Extend generic types to support the specialization of generic classes and interfaces over primitive types.

Goals

Generic type arguments are constrained to extend Object, meaning that they are not compatible with primitive instantiations unless boxing is used, undermining performance. With the possible addition of value types to Java (subject of a separate JEP), this restriction becomes even more burdensome. We propose to remedy this by supporting specialization of generic classes and interfaces when instantiated with primitive type arguments.

Non-Goals

It is not a goal of this effort to produce fully reified generics.

Motivation

Using boxed types (e.g., Integer) to simulate generics over primitives ranges from irritating to costly; boxing requires more memory, more more indirection, allocation, and more garbage collection. Attempting to avoid the overhead of boxing causes another problem: the proliferation of pseudo-specialized types such as IntStream, ToIntFunction, etc. With the eight primitive types being the only ones hostile to generics, this is tolerable but annoying; with the advent of value types, this restriction would be far more painful.

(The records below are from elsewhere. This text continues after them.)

(* Under the hypotheses that $\mathcal M$ is unichain and indexable and $\widehat{\mathcal M}$ has the same rewards and same support as $\mathcal M$ and satisfies Assumption (A): for every compact interval $[a,b]\subset\mathbb R$ there exists a constant $c_\lambda$ depending only on $\mathcal M$, $a$ and $b$ such that for every state $s$ and every policy $\pi\subseteq\mathcal S$, $$\max_{\lambda\in[a,b]}|\alpha^\pi_s(\lambda)-\hat\alpha^\pi_s(\lambda)|\le c_\lambda\|\mathcal M-\widehat{\mathcal M}\|_\infty.$$
   Context: Setting. An MDP is $\mathcal M=(\mathcal S,\{0,1\},(P^a)_a,(r^a)_a)$, finite $\mathcal S$, row-stochastic $P^0,P^1$, rewards $r^0,r^1\in\mathbb R^{\mathcal S}$. A policy is a subset $\pi\subseteq\mathcal S$ of states where action 1 is played, inducing $P^\pi$, $r^\pi$; $\mathcal M$ is unichain if every $P^\pi$ has a single recurrent class. For $\lambda\in\mathbb R$, $\mathcal M(\lambda)$ has the same transitions and rewards $r^1-\lambda\mathbf 1$ (action 1), $r^0$ (action 0). For a unichain policy, bias $b^\pi(\lambda)$ (up to additive constant) solves $g^\pi\mathbf 1+b^\pi=r^\pi+P^\pi b^\pi$ in $\mathcal M(\lambda)$; activation advantage $\alpha^\pi_s(\lambda)=r^1_s-\lambda-r^0_s+(P^1_{s,\cdot}-P^0_{s,\cdot})\cdot b^\pi(\lambda)$. BO (bias optimal) policy in $\mathcal M(\lambda)$: gain optimal and bias-maximal among gain-optimal policies; for unichain MDPs, $\pi$ is BO iff $\alpha^\pi_s(\lambda)\ge0$ for $s\in\pi$, $\le0$ for $s\notin\pi$. $\alpha^*_s(\lambda)$ is $\alpha^\pi_s(\lambda)$ for any BO $\pi$. $\mathcal M$ indexable: for each $s$ there is $\lambda_s$ (Whittle index) with $\alpha^*_s(\lambda)>0$ for $\lambda<\lambda_s$, $<0$ for $\lambda>\lambda_s$. Hats denote objects in $\widehat{\mathcal M}=(\mathcal S,\{0,1\},(\hat P^a)_a,(r^a)_a)$ (and $\widehat{\mathcal M}(\lambda)$). $\|A\|_\infty=\max_s\sum_{s'}|A_{s,s'}|$; $\|\mathcal M-\widehat{\mathcal M}\|_\infty=\max_a\|P^a-\hat P^a\|_\infty$. Same support: $P^a_{s,s'}>0\iff\hat P^a_{s,s'}>0$. Diameter of unichain $P$ with recurrent class $\mathcal S_r$: $D(P)=\max_{s\in\mathcal S,s'\in\mathcal S_r}\mathbb E^P[\tau_{s,s'}]$. Assumption (A): $\|\mathcal M-\widehat{\mathcal M}\|_\infty\le\min\{1/\max_\pi D(P^\pi),\ \tfrac12\min\{|\lambda_s-\lambda_{s'}|:\lambda_s\ne\lambda_{s'}\}\}$. *)

From HB Require Import structures.
From mathcomp Require Import all_boot all_order all_algebra.
From mathcomp Require Import reals.
Set Implicit Arguments. Unset Strict Implicit. Unset Printing Implicit Defensive.
Import Order.TTheory GRing.Theory Num.Theory.
Local Open Scope ring_scope.

Section MDP.
Variables (R : realType) (S : finType).

(* Transition kernels of a two-action MDP: action a : bool (false = 0, true = 1). *)
Definition kernel := bool -> S -> S -> R.
Definition rewards := bool -> S -> R.
(* Let $B$ be a Boolean algebra with more than two elements, regarded as a commutative semiring with $+=\vee$, $\cdot=\wedge$, zero the least element $0$ and unit the greatest element $1$. Let $G=\langle g\mid g^n=1\rangle$ be a finite cyclic group of order $n\ge 2$, and let $BG$ be the group semiring of $G$ over $B$. Then for every $h\in G$ there exist $\alpha,\beta\in BG\setminus G$ such that $\alpha\beta=h$.
   Context: For a commutative semiring $S$ with unit $1$ and a multiplicative group $G$, the group semiring $SG$ is the set of finite formal sums $\sum_i s_i g_i$ ($s_i\in S$, $g_i\in G$), i.e. finitely supported functions $G\to S$, with coefficientwise addition $\sum_i s_ig_i+\sum_i t_ig_i=\sum_i(s_i+t_i)g_i$ and multiplication $\big(\sum_i s_ig_i\big)\big(\sum_j t_jh_j\big)=\sum_{k\in G}\Big(\sum_{g_ih_j=k}s_it_j\Big)k$. The group $G$ is identified with the subset $\{1\cdot g: g\in G\}\subseteq SG$. *)

From HB Require Import structures.
From mathcomp Require Import all_boot all_order all_algebra.
Set Implicit Arguments. Unset Strict Implicit. Unset Printing Implicit Defensive.
Import Order.TTheory GRing.Theory.

(* Boolean algebra B: a complemented distributive lattice with top/bottom
   (ctbDistrLatticeType), regarded as a semiring with + = join, * = meet,
   0 = \bot, 1 = \top.
   Finite group G written additively (finZmodType); the cyclic group of
   order n is 'Z_n (for 1 < n).  Since G is finite, the group semiring BG
   is the type of all functions G -> B. *)

Section GroupSemiring.
Context {d : Order.disp_t} (B : ctbDistrLatticeType d) (G : finZmodType).

Local Open Scope order_scope.

Definition gsmul (a b : {ffun G -> B}) : {ffun G -> B} :=
  [ffun k => \join_(x : G) \join_(y : G | (x + y)%R == k) (a x `&` b y)].

Definition gselem (g : G) : {ffun G -> B} :=
  [ffun k => if k == g then \top else \bot].

Definition in_group (a : {ffun G -> B}) : Prop := exists g : G, a = gselem g.

End GroupSemiring.

From HB Require Import structures.
From mathcomp Require Import all_boot all_order all_algebra.
Import Order.Theory GRing.Theory.

(* Pick a ∉ {0, 1} in B and a generator g of G.  The elements
   α = a·0 + a'·g and β = a·h + a'·(h - g), with a' the complement of a,
   are not in G because their coefficients a are neither 0 nor 1, while
   in αβ the cross terms are a ∧ a' = 0 and the two diagonal terms meet
   at h, giving (a ∨ a')·h = h. *)

Local Open Scope order_scope.

Lemma exists_neq_bot_top d (T : tbPOrderType d) :
  (exists x y z : T, [/\ x != y, x != z & y != z]) ->
  exists a : T, a != \bot /\ a != \top.
Proof.
move=> [x [y [z [xy xz yz]]]].
have [ex|x0] := eqVneq x \bot; last first.
  have [ex|x1] := eqVneq x \top; last by exists x; split.
  have [ey|y0] := eqVneq y \bot; last by exists y; rewrite -ex; split; rewrite // eq_sym.
  by exists z; rewrite -ex -ey !(eq_sym z); split.
have [ey|y1] := eqVneq y \top; last by exists y; rewrite -ex; split; rewrite // eq_sym.
by exists z; rewrite -ex -ey !(eq_sym z); split.
Qed.

Section GroupSemiring.
Context {d : Order.disp_t} {B : ctbDistrLatticeType d} {G : finZmodType}.
Implicit Types (a : B) (g h k : G) (f u v : {ffun G -> B}).

Lemma gsmulE u v k : gsmul u v k = \join_(x : G) (u x `&` v (k - x)%R).
Proof.
rewrite ffunE; apply: eq_bigr => x _; apply: big_pred1 => y /=.
by rewrite -(inj_eq (addrI (- x)%R)) addKr addrC.
Qed.

Lemma in_group_coef f : in_group f -> forall g, (f g == \bot) || (f g == \top).
Proof. by move=> [h ->] g; rewrite ffunE; case: ifP; rewrite eqxx ?orbT. Qed.

Definition gspair a g h : {ffun G -> B} :=
  [ffun k => if k == g then a else if k == h then ~` a else \bot].

Lemma gspair_not_in_group a g h :
  a != \bot -> a != \top -> ~ in_group (gspair a g h).
Proof.
move=> a0 a1 /in_group_coef/(_ g); rewrite ffunE eqxx.
by rewrite (negbTE a0) (negbTE a1).
Qed.

Lemma meet_gspairl a g h k :
  a `&` gspair a g h k = if k == g then a else \bot.
Proof.
rewrite ffunE; case: ifP => _; first exact: meetxx.
by case: ifP => _; rewrite ?meetx0 // meetxC.
Qed.

Lemma meet_gspairr a g h k : g != h ->
  ~` a `&` gspair a g h k = if k == h then ~` a else \bot.
Proof.
move=> gh; rewrite ffunE; have [->|_] := eqVneq k g.
  by rewrite (negbTE gh) meetCx.
by case: ifP => _; rewrite ?meetx0 // meetxx.
Qed.

Lemma gsmul_gspair a g1 g2 h1 h2 :
  g1 != g2 -> (g1 + h1 = g2 + h2)%R ->
  gsmul (gspair a g1 g2) (gspair a h1 h2) = gselem B (g1 + h1)%R.
Proof.
move=> g12 sum12; have h12 : h1 != h2.
  by apply: contra_neq g12 => eh; apply: (addIr h2); rewrite -sum12 eh.
apply/ffunP => k; rewrite gsmulE (bigD1 g1) // (bigD1 g2) /=; last by rewrite eq_sym.
rewrite big1; last first.
  by move=> x /andP [xg1 xg2]; rewrite ffunE (negbTE xg1) (negbTE xg2) meet0x.
have -> : gspair a g1 g2 g1 = a by rewrite ffunE eqxx.
have -> : gspair a g1 g2 g2 = ~` a by rewrite ffunE eq_sym (negbTE g12) eqxx.
rewrite joinx0 [RHS]ffunE meet_gspairl meet_gspairr // !subr_eq.
rewrite [(h1 + g1)%R]addrC [(h2 + g2)%R]addrC -sum12.
case: ifP => _; last by rewrite joinx0.
exact: joinxC.
Qed.

End GroupSemiring.

Theorem theorem2p5p1 (d : Order.disp_t) (B : ctbDistrLatticeType d) (n : nat) :
  (exists x y z : B, [/\ x != y, x != z & y != z]) ->
  (1 < n)%N ->
  forall h : 'Z_n,
  exists alpha beta : {ffun 'Z_n -> B},
    [/\ ~ in_group alpha, ~ in_group beta & gsmul alpha beta = gselem B h].
Proof.
move=> /exists_neq_bot_top [a [a0 a1]] _ h.
exists (gspair a 0%R 1%R), (gspair a h (h - 1)%R); split.
- exact: gspair_not_in_group.
- exact: gspair_not_in_group.
by rewrite gsmul_gspair ?add0r // addrC subrK.
Qed.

Other languages with generics (e.g., C++, C#, Scala) provide varying support for specialized generics over primitives or structs.

Description

Parametric polymorphism always entails a tradeoff between code footprint and specificity, and different languages have chosen different tradeoffs. At one end of the spectrum, C++ creates a specialized class for each instantiation of a template, and at the other end, we have Java's current erased implementation which produces one class for all reference instantiations and no support for primitive instantiations. C# has generics over both reference and struct types; they have taken the approach of unifying the two in the bytecode, and generating one set of native code for all reference types, and a specialized representation for each instantiated struct type.

A separate tradeoff is the timing of specialization, which includes both the choice of ahead-of-time (as Scala does) or on-demand (as C# does), and for delayed specialization, whether the shared artifact produced by the compiler is generic (and therefore requires specialization for all cases, as C# does) or whether it is biased towards a specific instantiation pattern.

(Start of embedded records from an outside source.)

Lemma derivative_formula_unique al j (P : R -> R) : 0 < al ->
  (forall t, 0 < t < 1 ->
     Derive_n (fun s => phi al (sqrt s)) (S j) t =
       exp (- al * (1 + tan (PI / 2 * t)) ^ 2) * (-1) ^ S j * al * (PI / 2) ^ S j
       * (1 + tan (PI / 2 * t) ^ 2) * P (tan (PI / 2 * t))) ->
  forall v, 0 < v -> P v = peval (Fpoly al j) v.
Proof.
  intros Hal HP v Hv; pose proof PI_RGT_0.
  assert (Hatan : 0 < atan v < PI / 2)
    by (split; [rewrite <- atan_0; apply atan_increasing, Hv|apply atan_bound]).
  set (t := atan v / (PI / 2)).
  assert (Ht : 0 < t < 1).
  { unfold t; split; [apply Rdiv_lt_0_compat; lra|].
    apply Rmult_lt_reg_r with (PI / 2); [lra|]; field_simplify; lra. }
  assert (Htan : tan (PI / 2 * t) = v) by (unfold t; rewrite <- tan_atan; f_equal; field; lra).
  pose proof (HP t Ht) as E; rewrite Derive_n_phi_sqrt, Htan in E by exact Ht.
  unfold weighted_peval in E; rewrite Htan in E.
  replace (- (PI / 2)) with (-1 * (PI / 2)) in E by ring; rewrite Rpow_mult_distr in E.
  assert (0 < exp (- al * (1 + v) ^ 2)) by apply exp_pos.
  assert ((-1) ^ S j <> 0) by (apply pow_nonzero; lra).
  assert (0 < (PI / 2) ^ S j) by (apply pow_lt; lra).
  assert (0 < 1 + v ^ 2) by nra.
  apply (Rmult_eq_reg_l (exp (- al * (1 + v) ^ 2) * (-1) ^ S j * al * (PI / 2) ^ S j * (1 + v ^ 2))).
  - rewrite <- E; ring.
  - apply Rmult_integral_contrapositive_currified; [|apply Rgt_not_eq; lra].
    apply Rmult_integral_contrapositive_currified; [|apply Rgt_not_eq; lra].
    apply Rmult_integral_contrapositive_currified; [|apply Rgt_not_eq; lra].
    apply Rmult_integral_contrapositive_currified; [apply Rgt_not_eq; lra|assumption].
Qed.

Lemma continuity_pt_poly2_eval d c al u : continuity_pt (poly2_eval d c al) u.
Proof.
  apply continuity_pt_finite_SF; intros k _.
  apply continuity_pt_finite_SF; intros l _.
  reg.
Qed.

Lemma nonneg_of_pos_right (f : R -> R) :
  continuity_pt f 0 -> (forall v, 0 < v -> 0 < f v) -> forall u, 0 <= u -> 0 <= f u.
Proof.
  intros Hf Hpos u [Hu|<-]; [left; apply Hpos, Hu|].
  apply (filterlim_le (F := at_right 0) (fun _ => 0) f 0 (f 0)).
  - exists (mkposreal 1 Rlt_0_1); intros v _ Hv; left; apply Hpos, Hv.
  - apply filterlim_const.
  - eapply filterlim_filter_le_1; [|apply continuity_pt_filterlim, Hf].
    intros P [e He]; exists e; intros v Hv _; apply He, Hv.
Qed.

Theorem lemma2p1 (d : nat -> nat) (c : nat -> nat -> nat -> Z)
  (HF : forall (j : nat) (alpha t : R), (1 <= j)%nat -> 0 < alpha -> 0 < t < 1 ->
     Derive_n (fun s => phi alpha (sqrt s)) j t =
       exp (- alpha * (1 + tan (PI / 2 * t)) ^ 2) * (-1) ^ j * alpha * (PI / 2) ^ j
       * (1 + (tan (PI / 2 * t)) ^ 2) * poly2_eval (d j) (c j) alpha (tan (PI / 2 * t))) :
  forall j : nat, (1 <= j)%nat ->
    exists alphaj : R, 0 < alphaj /\
      forall alpha u : R, alphaj <= alpha -> 0 <= u -> 0 <= poly2_eval (d j) (c j) alpha u.
Proof.
  intros [|j] Hj; [lia|].
  destruct (Fpoly_pos j) as (A & HA & Hpos).
  exists A; split; [exact HA|]; intros al u Hal.
  apply nonneg_of_pos_right; [apply continuity_pt_poly2_eval|]; intros v Hv.
  rewrite (derivative_formula_unique al j (poly2_eval (d (S j)) (c (S j)) al)); try lra.
  - apply Hpos; lra.
  - intros t Ht; apply HF; auto; lra.
Qed.
(* Let $s>0$, $\mu\in\mathbb{R}$, $\tilde\varepsilon=s\varepsilon$, $\tilde\delta=s\delta$, and let $\varphi\in H^1_2((0,R))$, smooth on $(0,R)$, satisfy on $(0,R)$ $$-\partial_z\Big(\Big(\frac{4\tilde\varepsilon}{3}+\tilde\delta+\gamma P_0\Big)\frac{\partial_z\varphi}{z^2}\Big)+4\frac{\partial_zP_0}{z^3}\varphi=\frac{\mu\varrho_0}{z^2}\varphi.$$ Then there is $C>0$ such that $|\varphi(z)|\le Cz^3$ and $|\varphi'(z)|\le Cz^2$ for all $z$ near $0$.
   Context: Fix constants $\varepsilon>0$, $\delta>0$, $K>0$ and $6/5<\gamma<4/3$. Let $\varrho_0:[0,R]\to[0,\infty)$ be a Lane–Emden stationary density of radius $R>0$: $\varrho_0$ is smooth and positive on $[0,R)$, $\varrho_0(R)=0$, $P_0:=K\varrho_0^\gamma$ satisfies $\partial_z P_0(z)=-\frac{4\pi\varrho_0(z)}{z^2}\int_0^z\varrho_0(y)y^2\,dy$, and $\varrho_0(z)$ is comparable to $(R-z)^{1/(\gamma-1)}$ for $z$ near $R$. $H^1_2((0,R))$ is the completion of $\{u\in C^\infty([0,R]):u(0)=0\}$ in the norm $\|u\|^2=\int_0^R\frac{|u'|^2+|u|^2}{z^2}dz$. *)

From Stdlib Require Import Reals Lra.
Open Scope R_scope.

(* Real power, set to 0 for non-positive base (P0 = K rho0^gamma). *)
Definition rpow (x y : R) : R :=
  match Rlt_dec 0 x with left _ => Rpower x y | right _ => 0 end.

Definition smooth_on (a b : R) (f : R -> R) : Prop :=
  exists D : nat -> R -> R,
    (forall x, a < x < b -> D O x = f x) /\
    (forall n x, a < x < b -> derivable_pt_lim (D n) x (D (S n) x)).

Definition smooth_R (f : R -> R) : Prop :=
  exists D : nat -> R -> R,
    (forall x, D O x = f x) /\
    (forall n x, derivable_pt_lim (D n) x (D (S n) x)).

Definition is_RInt (f : R -> R) (a b v : R) : Prop :=
  exists pr : Riemann_integrable f a b, RiemannInt pr = v.

(* The (possibly improper) integral over (0,R) of a nonnegative integrand g
   is at most e: all Riemann integrals over compact [a,b] in (0,R) are <= e. *)
Definition int_0R_le (Rad : R) (g : R -> R) (e : R) : Prop :=
  forall a b (pr : Riemann_integrable g a b),
    0 < a -> a < b -> b < Rad -> RiemannInt pr <= e.

Definition lane_emden (K gam Rad : R) (rho0 : R -> R) : Prop :=
  0 < Rad /\
  (* smooth on [0,Rad): restriction of a smooth function on (-eta,Rad) *)
  (exists eta g, 0 < eta /\ smooth_on (- eta) Rad g /\
     forall z, 0 <= z < Rad -> g z = rho0 z) /\
  (forall z, 0 <= z < Rad -> 0 < rho0 z) /\
  rho0 Rad = 0 /\
  (* hydrostatic equilibrium for P0 = K rho0^gamma *)
  (forall z, 0 < z < Rad ->
     exists m, is_RInt (fun y => rho0 y * y ^ 2) 0 z m /\
       derivable_pt_lim (fun x => K * rpow (rho0 x) gam) z
         (- (4 * PI * rho0 z / z ^ 2) * m)) /\
  (exists eta c1 c2, 0 < eta /\ 0 < c1 /\ 0 < c2 /\
     forall z, Rad - eta < z < Rad ->
       c1 * Rpower (Rad - z) (1 / (gam - 1)) <= rho0 z /\
       rho0 z <= c2 * Rpower (Rad - z) (1 / (gam - 1))).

Example: a simple `Box` class

Suppose we want to specialize the following class with T=int:

class Box<T> {
    private final T t;

    public Box(T t) { this.t = t; }

    public T get() { return t; }
}

Compiling this class today yields the following bytecode:

class Box extends java.lang.Object{
private final java.lang.Object t;

public Box(java.lang.Object);
  Code:
   0:    aload_0
   1:    invokespecial    #1; //Method java/lang/Object."<init>":()V
   4:    aload_0
   5:    aload_1
   6:    putfield    #2; //Field t:Ljava/lang/Object;
   9:    return

public java.lang.Object get();
  Code:
   0:    aload_0
   1:    getfield    #2; //Field t:Ljava/lang/Object;
   4:    areturn
}

In this bytecode, some occurrences of Object really mean Object, and some mean the erasure of some type variable. If we were to specialize this class for T=int, we would expect the signature of get() to return int. Similarly, some of the a* bytecodes would have to become i* bytecodes.

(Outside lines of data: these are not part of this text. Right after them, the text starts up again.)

Lemma min_dist_colrank_bound d Y : \rank G = k -> is_min_dist G d ->
  (colrank Y < k)%N -> (d + #|Y| + k.-1 <= n + colrank Y)%N.
Proof.
move=> rG [_ min_wt] ltYk; have [Z [rkZ leZ]] := colrank_extend rG ltYk.
have [|u nz_u uZ] := @exists_codeword_vanishing Z; first lia.
by have := min_wt u nz_u; have := wt_vanishing_on uZ; lia.
Qed.

End ColumnRank.

Section LocalGroup.

Variables (F : fieldType) (k n : nat) (G : 'M[F]_(k, n)) (S : {set 'I_n}) (r delta : nat).
Hypothesis cardS : (delta <= #|S| <= r + delta - 1)%N.
Hypothesis regS : forall E : {set 'I_n}, E \subset S -> #|E| = (delta - 1)%N ->
  forall j, j \in E -> regenerating G j ((S :\: E) :|: [set j]).
Implicit Types (Y E : {set 'I_n}) (i j : 'I_n).

Lemma colv_sub_colspan_local E j : E \subset S -> #|E| = (delta - 1)%N -> j \in E ->
  (colv G j <= colspan G (S :\: E))%MS.
Proof.
move=> sES cardE jE; have [_ lc _] := regS sES cardE jE.
apply: submx_trans (lin_comb_colspan lc) (colspanS _ _).
apply/subsetP=> x; rewrite !inE => /andP[xj /orP[// | /eqP xj']].
by rewrite xj' eqxx in xj.
Qed.

Lemma colrank_local_gain Y : (delta - 1 <= #|S :\: Y|)%N ->
  (colrank G (Y :|: S) + (delta - 1) <= colrank G Y + #|S :\: Y|)%N.
Proof.
move=> le_dSY.
have [|E [_ sE cardE]] := @exists_card_between _ set0 (S :\: Y) (delta - 1) (sub0set _).
  by rewrite cards0.
have sES : E \subset S := subset_trans sE (subsetDl _ _).
have : (colrank G (Y :|: S) <= colrank G (Y :|: (S :\: E :\: Y)))%N.
  apply/mxrankS/colspan_subP=> j; rewrite inE => /orP[jY | jS].
    by apply: colv_sub_colspan; rewrite inE jY.
  have [jE | jNE] := boolP (j \in E).
    apply: submx_trans (colv_sub_colspan_local sES cardE jE) (colspanS _ _).
    by apply/subsetP=> x; rewrite !inE; case: (x \in Y).
  by apply: colv_sub_colspan; rewrite !inE jNE jS; case: (j \in Y).
have := colrankU G Y (S :\: E :\: Y); have := colrank_leq_card G (S :\: E :\: Y).
have -> : #|S :\: E :\: Y| = (#|S :\: Y| - #|E|)%N.
  by rewrite setDDl setUC -setDDl cardsD (setIidPr sE).
lia.
Qed.

Lemma colspan_local_cover Y : (#|S :\: Y| < delta - 1)%N ->
  (colspan G S <= colspan G Y)%MS.
Proof.
move=> lt_SY.
have [|E [sE sES cardE]] := @exists_card_between _ (S :\: Y) S (delta - 1) (subsetDl _ _).
  by case/andP: cardS; lia.
have sY : S :\: E \subset Y.
  apply/subsetP=> x; rewrite inE => /andP[xNE xS]; apply: contraNT xNE => xNY.
  by apply: (subsetP sE); rewrite inE xNY xS.
apply/colspan_subP=> j jS; have [jE | jNE] := boolP (j \in E).
  exact: submx_trans (colv_sub_colspan_local sES cardE jE) (colspanS G sY).
by apply: colv_sub_colspan; apply: (subsetP sY); rewrite inE jNE.
Qed.

Lemma colrank_local_step Y i : i \in S -> ~~ (colv G i <= colspan G Y)%MS ->
  (colrank G (Y :|: S) <= colrank G Y + r)%N /\
  (colrank G (Y :|: S) + (delta - 1) + #|Y| <= colrank G Y + #|Y :|: S|)%N.
Proof.
move=> iS iNY.
have le_dSY : (delta - 1 <= #|S :\: Y|)%N.
  rewrite leqNgt; apply: contra iNY => /colspan_local_cover cover.
  exact: submx_trans (colv_sub_colspan G iS) cover.
have := colrank_local_gain le_dSY; have := subset_leq_card (subsetIl S Y).
have := subset_leq_card (subsetDl S Y); case/andP: cardS.
rewrite cardsU cardsD setIC; lia.
Qed.

End LocalGroup.

Section Greedy.

Variables (F : fieldType) (k n : nat) (G : 'M[F]_(k, n)).
Implicit Types (T Y : {set 'I_n}) (i : 'I_n).

Lemma locality_step T r delta Y i : locality G T r delta -> i \in T ->
  ~~ (colv G i <= colspan G Y)%MS ->
  exists Z, (colrank G Z <= colrank G Y + r)%N /\
            (colrank G Z + (delta - 1) + #|Y| <= colrank G Y + #|Z|)%N.
Proof.
move=> loc iT iNY; have [S [_ iS cardS regS]] := loc i iT.
by exists (Y :|: S); apply: colrank_local_step cardS regS _ _ iS iNY.
Qed.

Lemma two_localities_step T1 r1 r2 d1 d2 Y i :
  two_localities G T1 r1 r2 d1 d2 -> ~~ (colv G i <= colspan G Y)%MS ->
  exists Z, (colrank G Z <= colrank G Y + r2)%N /\
            (colrank G Z + (d2 - 1) + #|Y| <= colrank G Y + #|Z|)%N.
Proof.
case=> le_r12 le_d21 _ loc1 loc2 iNY; have [iT1 | iNT1] := boolP (i \in T1).
  by have [Z [rkZ gainZ]] := locality_step loc1 iT1 iNY; exists Z; lia.
by apply: locality_step loc2 _ iNY; rewrite inE.
Qed.

Lemma locality_greedy T r delta t : locality G T r delta ->
  (t.-1 * r + t * (delta - 1) <= #|T|)%N ->
  exists Y, (colrank G Y <= t * r)%N /\ (colrank G Y + t * (delta - 1) <= #|Y|)%N.
Proof.
move=> loc; elim: t => [|t IH] le_tT.
  by exists set0; have := colrank_leq_card G set0; rewrite cards0; lia.
have [|Y [rkY gainY]] := IH; first by case: t {IH} le_tT => //= t; nia.
case: (pickP [pred i | (i \in T) && ~~ (colv G i <= colspan G Y)%MS]).
  move=> i /andP[iT iNY]; have [Z [rkZ gainZ]] := locality_step loc iT iNY.
  by exists Z; nia.
move=> spanned; have rkT : (colrank G T <= colrank G Y)%N.
  by apply/mxrankS/colspan_subP=> i iT; have := spanned i; rewrite /= iT => /negbFE.
by exists T; nia.
Qed.

Lemma two_localities_greedy T1 r1 r2 d1 d2 Y m : \rank G = k ->
  two_localities G T1 r1 r2 d1 d2 -> (colrank G Y + m * r2 < k)%N ->
  exists Z, (colrank G Z <= colrank G Y + m * r2)%N /\
            (colrank G Z + m * (d2 - 1) + #|Y| <= colrank G Y + #|Z|)%N.
Proof.
move=> rG two; elim: m => [|m IH] lt_mk; first by exists Y; lia.
have [|Z [rkZ gainZ]] := IH; first nia.
have [|i iNZ] := @exists_colv_notin_colspan _ _ _ G Z rG; first nia.
have [W [rkW gainW]] := two_localities_step two iNZ.
by exists W; nia.
Qed.

End Greedy.

Theorem theorem1 (F : finFieldType) (n k d : nat) (G : 'M[F]_(k, n))
    (T1 : {set 'I_n}) (r1 r2 d1 d2 : nat) :
  \rank G = k ->
  is_min_dist G d ->
  two_localities G T1 r1 r2 d1 d2 ->
  let n1 : int := #|T1|%:Z in
  let c : int := ceilz n1 (r1%:Z + d1%:Z - 1) in
  let Delta : int := c * (d1%:Z - 1) in
  r1%:Z * c <= k%:Z - 1 ->
  r1%:Z * ceilz (Delta - 1) (d1%:Z - 1) + (Delta - 1) < n1 ->
  d%:Z <= n%:Z - k%:Z + 1 - c * (d1%:Z - 1)
          - (ceilz (k%:Z - r1%:Z * c) r2%:Z - 1) * (d2%:Z - 1).
Proof.
move=> rG min_d two n1 c Delta le_ck cover_T1.
have [_ le_d21 ge2_d2 loc1 _] := two.
have le_n1c : n1 <= c * (r1%:Z + d1%:Z - 1) by apply: ceilz_mul_ge; lia.
have [cn def_c] : exists cn : nat, c = cn%:Z by exists `|c|%N; nia.
have le_cn : cn%:Z - 1 <= ceilz (Delta - 1) (d1%:Z - 1).
  by rewrite /Delta def_c; apply: ceilz_mul_sub1_ge; lia.
have [|Y0 [rkY0 gainY0]] := @locality_greedy _ _ _ G T1 r1 d1 cn loc1.
  by move: cover_T1 le_cn; rewrite /n1 /Delta def_c; case: cn {def_c} => //= cn; nia.
have [//||M [lt_M le_M]] := @exists_nat_ge_ceilz_sub1 (k%:Z - r1%:Z * c) r2%:Z.
  by lia.
have [|Y [rkY gainY]] := @two_localities_greedy _ _ _ G T1 r1 r2 d1 d2 Y0 M rG two.
  by move: lt_M; rewrite def_c; nia.
have lt_Yk : (colrank G Y < k)%N by move: lt_M; rewrite def_c; nia.
have := min_dist_colrank_bound rG min_d lt_Yk.
by move: le_M; rewrite def_c; nia.
Qed.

There are numerous approaches we could take to representing the needed generic information in the bytecode; these range from a fully generic representation at the bytecode level (as .NET does) to a more modest tagging of types and bytecodes to indicate whether that type or bytecode is directly related to a type that was present in the source file, or the erasure of some type variable.

In order for on-demand specialization at runtime to be practical, specialization should be as simple and mechanical as possible; we would prefer to not do any additional dataflow analysis or typechecking at runtime beyond existing verification. Similarly, the result of specialization should be verifiable using existing verification rules.

Open questions

There are many questions to be answered before a feature proposal can be made.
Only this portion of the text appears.